APCU free over testrun:
apcu-free-over-testrun-40852.png
@vaplas completion script for the testrun:
tests-completed-over-time-40852.png
# of requests per second over testrun:
concurrent-requests-over-testrun-40852.png

moshe weitzman’s picture

graph actually shows that when the APCU cache fills up it is flushed completely.

That sounds like a really risky property for a cache backend. I dont think I would use it.

Anonymous’s picture

#22: @gambry, you read the diagram absolutely right. As already said @tacituseu, we have a large drawdown in the rest-tests period. We also have a simple test to send requests on node create (#2930022-53: Testing fails 'CI aborted' and 'apcu memory'), which leads to the same effect. So, the bottleneck not in rest-tests, but somewhere nearby.

#24: I like the analogy with the limited size of the hash table, in which there are always delays due to the large number of collisions during the generation of keys. But perhaps your assumption is more true.

#25: The first graph shows that the memory is constantly striving to end but resets before the critical zero? And in the central case it is not happen. In this case, we may need some more stable reset-trigger after the each of tests?

tacituseu’s picture

Re #26: trying to figure out the exact mechanism, those apcu_store errors do seem to pop out when the cache is nearly exhausted and there are many requests in flight at the same time (e.g. for test run in #25 at the second dip when it has 35MB free - request #33909, timestamp 20171216001325).

Re #27: could be something to it, digging into apcu-5.1.8.tgz, check apc.entries_hint, also some info in apcu-5.1.8\TECHNOTES.txt, will keep trying to characterize its content.

Mixologic’s picture

So, something is kinda terrible with how we're using apcu, at least on the testbots.

In the php7/sqlite environment, if I bump the cache to 8gb of memory so that we can fit everything without ever having to evict, the test time goes up to Test run duration: 54 min 34 sec

With it set to 2GB, we see anything from 27-32 minutes typcially

If I *shut it off entirely*, it goes down to Test run duration: 22 min 10 sec

So, these 'random errors' are race conditions in apcu that manifest when you try and have 32 processes cramming 4.5 million objects into it and never do any cleaning of all the cached data in there.
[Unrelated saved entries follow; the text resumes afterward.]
(* Let $n\geq 1$ and $d\geq 1$ be integers. Then $d\in A_n$ if and only if $k(n,d)\geq |r(n,d)|+1$.
   Context: A walk is a finite sequence $z_0,z_1,\dots,z_l$ of Gaussian integers with $|z_{j+1}-z_j|=1$ for all $0\le j<l$. For natural numbers $n,d$, $n$ is called $d$-avoidable if there exists a walk $(z_j)$ and indices $r,s$ with $z_r-z_s=n$ such that $z_t-z_u\neq d$ for all indices $t,u$. $A_n$ denotes the set of all $d\in\mathbb{N}$ such that $n$ is not $d$-avoidable. For integers $n$ and $d\ge1$, $k(n,d)$ and $r(n,d)$ are the unique integers with $n=k(n,d)\,d+r(n,d)$ and $r(n,d)\in\left[-\lfloor d/2\rfloor,\ \lceil d/2\rceil-1\right]$. *)

From Stdlib Require Import ZArith List Lia.
Import ListNotations.
Open Scope Z_scope.

Definition gauss := (Z * Z)%type.

Definition gsub (a b : gauss) : gauss := (fst a - fst b, snd a - snd b).

Definition gnorm2 (z : gauss) : Z := fst z * fst z + snd z * snd z.

Definition gofZ (m : Z) : gauss := (m, 0).

Definition is_walk (w : list gauss) : Prop :=
  w <> [] /\
  forall j : nat, (S j < length w)%nat ->
    gnorm2 (gsub (nth (S j) w (0,0)) (nth j w (0,0))) = 1.

Definition avoidable (n d : Z) : Prop :=
  exists w : list gauss, is_walk w /\
    (exists r s : nat, (r < length w)%nat /\ (s < length w)%nat /\
       gsub (nth r w (0,0)) (nth s w (0,0)) = gofZ n) /\
    (forall t u : nat, (t < length w)%nat -> (u < length w)%nat ->
       gsub (nth t w (0,0)) (nth u w (0,0)) <> gofZ d).

Definition A (n : Z) (d : Z) : Prop := 1 <= d /\ ~ avoidable n d.

From Stdlib Require Import ZArith Lia List Bool.
Import ListNotations.
Open Scope Z_scope.

(* If k <= |r|, an avoiding walk exists: go from 0 to n column by column,
   column c being the vertical segment between heights G c and G (c + 1), for a
   potential G vanishing at 0 and n + 1 that drops whenever one moves d - 1, d or
   d + 1 to the right inside [0, n + 1].  Then column c + d lies strictly below
   column c, so there is no chord d.  Such a G exists when k <= |r|: it is
   negative on the "ladder" of points reachable from 0 by such moves and
   nonnegative elsewhere, and k <= |r| keeps n - d and n + 1 - d off the ladder.

   Conversely, let |r| < k and take a walk with chord n but no chord d.  Scaling
   it horizontally by k gives a walk with chord k n; a chord n = k d + r of the
   scaled walk would, as |r| < k, come from a chord d of the original one.  This
   contradicts the discrete universal chord theorem: a walk without chord D has
   no chord j D.  Inductively it suffices that no chord D and no chord J exclude
   the chord J + D, which is a parity argument: the translate by D of the part of
   the walk between a lowest and a highest point separates the horizontal strip
   spanned by the walk; the walk lies to its left, the translate of the walk by
   J + D to its right, so the two cannot meet. *)

Lemma gsub_eq_gofZ (a b : gauss) (D : Z) :
  gsub a b = gofZ D <-> fst a = fst b + D /\ snd a = snd b.
Proof.
  unfold gsub, gofZ. split.
  - intros [= Ex Ey]. lia.
  - intros [Ex Ey]. f_equal; lia.
Qed.

Definition lazy_step (z z' : gauss) : Prop :=
  Z.abs (fst z' - fst z) + Z.abs (snd z' - snd z) <= 1.

Definition lazy_walk (f : nat -> gauss) (N : nat) : Prop :=
  forall i, (i < N)%nat -> lazy_step (f i) (f (S i)).

Definition has_chord (f : nat -> gauss) (N : nat) (D : Z) : Prop :=
  exists p q, (p <= N)%nat /\ (q <= N)%nat /\ gsub (f p) (f q) = gofZ D.

Definition visits (f : nat -> gauss) (N : nat) (z : gauss) : Prop :=
  exists i, (i <= N)%nat /\ f i = z.

Lemma visits_intro (f : nat -> gauss) (N i : nat) (z : gauss) :
  (i <= N)%nat -> fst (f i) = fst z -> snd (f i) = snd z -> visits f N z.
Proof.
  intros Hi Ex Ey. exists i. split; [exact Hi|].
  rewrite (surjective_pairing (f i)), (surjective_pairing z). f_equal; assumption.
Qed.

Lemma chord_of_visits (f : nat -> gauss) (N : nat) (D x y : Z) :
  visits f N (x + D, y) -> visits f N (x, y) -> has_chord f N D.
Proof.
  intros [p [Hp Ep]] [q [Hq Eq]]. exists p, q. split; [exact Hp|split; [exact Hq|]].
  rewrite Ep, Eq. apply gsub_eq_gofZ. cbn. lia.
Qed.

Lemma lazy_step_of_unit (z z' : gauss) : gnorm2 (gsub z' z) = 1 -> lazy_step z z'.
Proof.
  unfold gnorm2, gsub, lazy_step; cbn [fst snd].
  generalize (fst z' - fst z) (snd z' - snd z). intros a b H.
  assert (Z.abs a <= a * a) by (destruct (Z.eq_dec a 0); [subst; lia | nia]).
  assert (Z.abs b <= b * b) by (destruct (Z.eq_dec b 0); [subst; lia | nia]).
  destruct (Z.eq_dec a 0), (Z.eq_dec b 0); subst; nia.
Qed.

Lemma avoidable_lazy_walk (n d : Z) : avoidable n d ->
  exists f N, lazy_walk f N /\ has_chord f N n /\ ~ has_chord f N d.
Proof.
  intros [w [[Hne Hstep] [[r [s [Hr [Hs Hrs]]]] Hav]]].
  assert (Hlen : (0 < length w)%nat) by (destruct w; [congruence | cbn; lia]).
  exists (fun i => nth i w (0, 0)), (length w - 1)%nat. split; [|split].
  - intros i Hi. apply lazy_step_of_unit, Hstep. lia.
  - exists r, s. split; [lia|split; [lia|exact Hrs]].
  - intros [p [q [Hp [Hq Hpq]]]]. exact (Hav p q ltac:(lia) ltac:(lia) Hpq).
Qed.

Lemma avoidable_of_walk (w : list gauss) (a b : gauss) (n d : Z) :
  is_walk w -> In a w -> In b w -> gsub a b = gofZ n ->
  (forall z z', In z w -> In z' w -> gsub z z' <> gofZ d) -> avoidable n d.
Proof.
  intros Hw Ha Hb Hab Hav. exists w. split; [exact Hw|split].
  - apply In_nth with (d := (0, 0)) in Ha as [r [Hr <-]].
    apply In_nth with (d := (0, 0)) in Hb as [s [Hs <-]].
    exists r, s. auto.
  - intros t u Ht Hu. apply Hav; apply nth_In; assumption.
Qed.

Fixpoint odd_count (P : nat -> bool) (m : nat) : bool :=
  match m with
  | O => false
  | S m' => xorb (odd_count P m') (P m')
  end.

Lemma odd_count_ext (P Q : nat -> bool) (m : nat) :
  (forall i, (i < m)%nat -> P i = Q i) -> odd_count P m = odd_count Q m.
Proof.
  induction m as [|m IH]; intros H; cbn; [reflexivity|].
  rewrite IH by (intros; apply H; lia). rewrite H by lia. reflexivity.
Qed.

Lemma odd_count_false (P : nat -> bool) (m : nat) :
  (forall i, (i < m)%nat -> P i = false) -> odd_count P m = false.
Proof.
  intros H. rewrite (odd_count_ext P (fun _ => false)) by assumption. clear H.
  induction m as [|m IH]; cbn; [|rewrite IH]; reflexivity.
Qed.

Lemma odd_count_xorb (P Q : nat -> bool) (m : nat) :
  odd_count (fun i => xorb (P i) (Q i)) m = xorb (odd_count P m) (odd_count Q m).
Proof.
  induction m as [|m IH]; cbn; [reflexivity|].
  rewrite IH. destruct (odd_count P m), (odd_count Q m), (P m), (Q m); reflexivity.
Qed.

Lemma odd_count_telescope (b : nat -> bool) (m : nat) :
  odd_count (fun i => xorb (b i) (b (S i))) m = xorb (b O) (b m).
Proof.
  induction m as [|m IH]; cbn; [destruct (b O); reflexivity|].
  rewrite IH. destruct (b O), (b m), (b (S m)); reflexivity.
Qed.

Ltac destruct_Z_tests :=
  repeat match goal with
  | |- context [Z.eqb ?a ?b] => destruct (Z.eqb_spec a b); try (exfalso; lia)
  | |- context [Z.ltb ?a ?b] => destruct (Z.ltb_spec a b); try (exfalso; lia)
  | |- context [Z.leb ?a ?b] => destruct (Z.leb_spec a b); try (exfalso; lia)
  end.

Section RayParity.

Variables (g : nat -> gauss) (m : nat) (l h : Z).

Hypothesis g_lazy : lazy_walk g m.
Hypothesis g_spans :
  (snd (g O) = l /\ snd (g m) = h) \/ (snd (g O) = h /\ snd (g m) = l).

(* Edge [i] of [g] meets the horizontal ray going right from [(x, y - 1/2)]. *)
Definition crosses (y x : Z) (i : nat) : bool :=
  xorb (y <=? snd (g i)) (y <=? snd (g (S i))) && (x <? fst (g i)).

Definition ray_parity (y x : Z) : bool := odd_count (crosses y x) m.

(* Points of the bottom row [l] are tested with the ray at height [l + 1/2]. *)
Definition side (z : gauss) : bool :=
  ray_parity (if l <? snd z then snd z else l + 1) (fst z).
Is there any way that we can empty all the cached data for a test when that test is complete?

mpdonadio’s picture

APCu not being a real LRU cache make it horrible to deal with.

Is there any way that we can empty all the cached data for a test when that test is complete?

The main challenge with this is that the backend doesn't keep track of what $bin:$cid got set throughout the lifetime of a request. So the potential solution would be to

- add a property which would track $bin:$cid
- set/delete would have to do the housekeeping
- we would have to add a __destruct() to iterate and apcu_delete($bin:$cid)

We would probably also want to subclass ApcuBackend to ApcuLifetimeBackend for BC, and because we really only want to do this for tests (and someone may find a use for this outside of testing, similar to the in-memory one).

catch’s picture

Re #26: trying to figure out the exact mechanism, those apcu_store errors do seem to pop out when the cache is nearly exhausted and there are many requests in flight at the same time (e.g. for test run in #25 at the second dip when it has 35MB free - request #33909, timestamp 20171216001325).

IME you hit APCu errors not due to it emptying, but due to it not emptying when it's fragmented.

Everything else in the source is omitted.